Die Roeders freuen sich, dass sich ihr ältester Sohn Felix während seines Zivildienstes entschieden hat, den Betrieb fortzuführen: Seit 2018 ist er fest mit eingestiegen. „Haus, Hof, Dorf und Weinberg sind ein Anker, und es ist schön, Teil einer langen Familienkette zu sein“, sagt der 31-Jährige. „Außerdem reizt es mich, Winzer, Betriebswirt und Gutsherr in einem zu sein und zu werden.“ Auch Felix hat in Geisenheim studiert, machte während seines Studiums ein Praktikum auf einem Weingut in Oregon in den USA und sammelte danach sowohl Erfahrungen auf Weingütern in Südtirol als auch im Burgenland, um Inspiration für seinen persönlichen Weinstil zu finden. Gerade hat er am Tag der offenen Tür, zu dem traditionell all seine Geschwister nach Hause kommen, zum ersten Mal seine Selektionsweine aus dem Jahr 2019 präsentiert: Das Interesse war groß.
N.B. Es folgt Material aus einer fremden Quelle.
Lemma Im_continuous : continuous (@complex.Im R : Cx R -> R).
Proof. by apply: additive_norm_le_continuous; [exact: raddfB | exact: normc_ge_Im]. Qed.

Lemma real_complex_continuous : continuous (fun x : R => x%:C : Cx R).
Proof.
move=> x; apply/(@cvgrPdist_lt _ _ _ _ (nbhs_filter x)) => e.
rewrite ltcE /= => /andP[/eqP Ie0 Re0].
have /cvgrPdist_lt/(_ _ Re0) := (cvg_id : t @[t --> x] --> x).
apply: filterS => t; rewrite -rmorphB normc_def /= expr0n addr0 sqrtr_sqr.
by rewrite ltcE /= Ie0 eqxx.
Qed.

Lemma cexp_continuous : continuous (@cexp R).
Proof.
pose u w := expR (complex.Re w) * cos (complex.Im w).
pose v w := expR (complex.Re w) * sin (complex.Im w).
have -> : @cexp R = fun z => ((u z)%:C : Cx R) + ('i : Cx R) * (v z)%:C.
  apply: funext => -[x y].
  by rewrite cexpE -[RHS]/(_ +i* _); congr (_ +i* _); rewrite /u /v /=; ring.
move=> z; have cRe := Re_continuous z; have cIm := Im_continuous z.
have cexpRe := continuous_comp cRe (@continuous_expR R _).
apply: (@continuousD _ _ _ (fun w => (u w)%:C : Cx R) (fun w => ('i : Cx R) * (v w)%:C)).
  apply: (continuous_comp (f := u)); last exact: real_complex_continuous.
  exact: continuousM cexpRe (continuous_comp cIm (@continuous_cos R _)).
apply: (@continuousM _ _ (fun=> 'i : Cx R) (fun w => (v w)%:C : Cx R)); first exact: cst_continuous.
apply: (continuous_comp (f := v)); last exact: real_complex_continuous.
exact: continuousM cexpRe (continuous_comp cIm (@continuous_sin R _)).
Qed.

Lemma ee_continuous : continuous (@ee R).
Proof. by move=> z; apply: continuous_comp; [exact: mulrl_continuous | exact: cexp_continuous]. Qed.

Lemma ee_quadratic_continuous (a b c : Cx R) :
  continuous (fun w => ee (a * w ^+ 2 + b * w + c)).
Proof.
move=> w0.
apply: (continuous_comp (f := fun w => a * w ^+ 2 + b * w + c)); last exact: ee_continuous.
apply: (@continuousD _ _ _ (fun w => a * w ^+ 2 + b * w) (fun=> c)); last exact: cst_continuous.
apply: (@continuousD _ _ _ (fun w => a * w ^+ 2) (fun w => b * w)).
  apply: (@continuousM _ _ (fun=> a) (fun w => w ^+ 2)); first exact: cst_continuous.
  exact: (@continuousM _ _ id id).
exact: mulrl_continuous.
Qed.

End ComplexExponential.

Section AffineResidue.
Variable K : numFieldType.
Implicit Types (a b : K) (f g h : K -> K).

Lemma cvg_affine a b (w0 : K) : (a * w + b) @[w --> w0] --> a * w0 + b.
Proof.
apply: (@cvgD _ _ _ (nbhs w0) _ (fun w => a * w) (fun _ => b)); last exact: cvg_cst.
exact: mulrl_continuous.
Qed.

Lemma affine_dnbhs a b (w0 : K) : a != 0 -> (a * w + b) @[w --> w0^'] --> (a * w0 + b)^'.
Proof.
move=> a0 P HP; have /= := cvg_affine a b w0 _ HP.
rewrite /dnbhs /within; apply: (filterS (F := nbhs w0)) => w Pw w0w.
by apply: Pw; apply: contra w0w => /eqP /addIr /(mulfI a0) ->.
Qed.
(* Let $\lambda>0$, $A\in\mathbb{R}^{m\times n}$ with $m<n$ and $\dim\ker A=n-m$, $b\in\mathbb{R}^m$, let $q=q_1-q_2:\mathbb{R}^m\to[0,+\infty)$ where $q_1:\mathbb{R}^m\to\mathbb{R}$ is continuously differentiable with Lipschitz continuous gradient and $q_2:\mathbb{R}^m\to\mathbb{R}$ is convex and continuous, and let $\mathcal{X}\subseteq\mathbb{R}^n$ be a closed hyperrectangle (possibly unbounded) with $0\in\mathcal{X}$. Set $\Phi(x):=\lambda\frac{\|x\|_1^2}{\|x\|_2^2}+q(Ax-b)$ for $x\neq0$, $\nu^\star:=\inf\{\Phi(x):x\in\mathcal{X}\setminus\{0\}\}$, and assume $\nu^\star<\lambda+q(-b)$. Then the set of optimal solutions $\{x\in\mathcal{X}\setminus\{0\}:\Phi(x)=\nu^\star\}$ is nonempty if one of the following holds: (i) $\mathcal{X}$ is bounded; (ii) $q$ is coercive, $\ker A$ has the $s$-spherical section property for some $s>0$, and there exists $\widetilde{x}\in\mathbb{R}^n$ with $0\neq\widetilde{x}\in\arg\min_{x\in\mathcal{X}}q(Ax-b)$ and $\|\widetilde{x}\|_0<m/s$.
   Context: A closed hyperrectangle is a set $\{x\in\mathbb{R}^n:\underline{x}\le x\le\overline{x}\}$ with $\underline{x}\in(\mathbb{R}\cup\{-\infty\})^n$, $\overline{x}\in(\mathbb{R}\cup\{+\infty\})^n$. $\|x\|_0$ is the number of nonzero entries of $x$. For positive integers $m<n$, an $(n-m)$-dimensional subspace $V\subseteq\mathbb{R}^n$ has the $s$-spherical section property if $\inf_{v\in V\setminus\{0\}}\|v\|_1/\|v\|_2\ge\sqrt{m/s}$. The inequality $\nu^\star<\lambda+q(-b)$ is a standing assumption of the paper. *)

From HB Require Import structures.
From mathcomp Require Import all_boot all_order all_algebra.
From mathcomp Require Import all_classical all_reals all_analysis.
Set Implicit Arguments. Unset Strict Implicit. Unset Printing Implicit Defensive.
Import Order.TTheory GRing.Theory Num.Theory.
Import numFieldNormedType.Exports.
Local Open Scope classical_set_scope.
Local Open Scope ring_scope.

Section Defs.
Variable R : realType.

Definition l1norm n (x : 'cV[R]_n) : R := \sum_(i < n) `|x i 0|.
Definition l2norm n (x : 'cV[R]_n) : R := Num.sqrt (\sum_(i < n) (x i 0) ^+ 2).
Definition l0norm n (x : 'cV[R]_n) : nat := #|[set i : 'I_n | x i 0 != 0]|.

Definition is_hyperrectangle n (X : set 'cV[R]_n) : Prop :=
  exists (lo hi : 'I_n -> \bar R),
    (forall i, lo i != +oo%E) /\ (forall i, hi i != -oo%E) /\
    X = [set x | forall i, (lo i <= (x i 0)%:E <= hi i)%E].

Definition bounded_vset n (X : set 'cV[R]_n) : Prop :=
  exists M : R, forall x, X x -> forall i, `|x i 0| <= M.

Definition convex_fun m (f : 'cV[R]_m -> R) : Prop :=
  forall x y (t : R), 0 <= t <= 1 ->
    f (t *: x + (1 - t) *: y) <= t * f x + (1 - t) * f y.

(* continuously differentiable with Lipschitz continuous gradient
   (gradient = Frechet derivative 'd f x, Lipschitz in operator norm w.r.t. the
   canonical (sup) norm of 'cV; all norms are equivalent in finite dimension) *)
Definition C1_lipschitz_grad m (f : 'cV[R]_m -> R) : Prop :=
  (forall x, differentiable f x) /\
  (forall v, continuous (fun y => 'd f y v)) /\
  exists L : R, forall x y v, `|'d f x v - 'd f y v| <= L * `|x - y| * `|v|.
Wie seine Eltern ist auch Felix ein umtriebiger Netzwerker und Menschenfreund. Dank ihm hat das Weingut schon viele Hundert Follower auf Facebook und Instagram. „Ich möchte neue Kunden hinzugewinnen und den Kundenstamm weiter wachsen lassen“, erklärt der junge Baron. „Und möglichst vielen von ihnen auch vor Ort unsere Produktion zeigen: Hierfür bietet sich die Weinwanderung in den Rebbergen mit integrierter Probe ganz besonders an.“

Nicht zuletzt ist der alte Stich, der auf dem Etikett jeder Roeder’schen Weinfl asche abgebildet ist, ein Zeichen für Kontinuität: Darauf sind sowohl der im Tal gelegene Meierhof als auch die Ruine Diersburg auf dem Hügel zu sehen. Mal mehr, mal weniger gepflegt, wurde 2020 eine Sicherung und Sanierung der alten Mauerreste notwendig, um das Herabfallen der Steine auf ein darunterliegendes Wohnhaus zu verhindern. Dafür hat Stefani Roeder Fördergelder vom Staat, dem Landesdenkmalamt Baden-Württemberg, der Denkmalstiftung Baden-Württemberg und der Gemeinde im Wert von insgesamt 300 000 beantragt und erhalten. Der kurze Aufstieg zur Ruine lässt die Vergangenheit vor dem inneren Auge aufleben, und oben weht eine Fahne in den rot-weißen Wappenfarben der Familie. Ihr Wahlspruch „Recht, gerecht, aufrecht“ ist auch heute noch eine gute Orientierung, finden die Roeders. Unternehmerisch, wie sie sind, schmieden sie bereits Pläne für eine neue Nutzung des wildromantischen Gemäuers, in dem die Geschichte ihrer alten Familie einmal begann.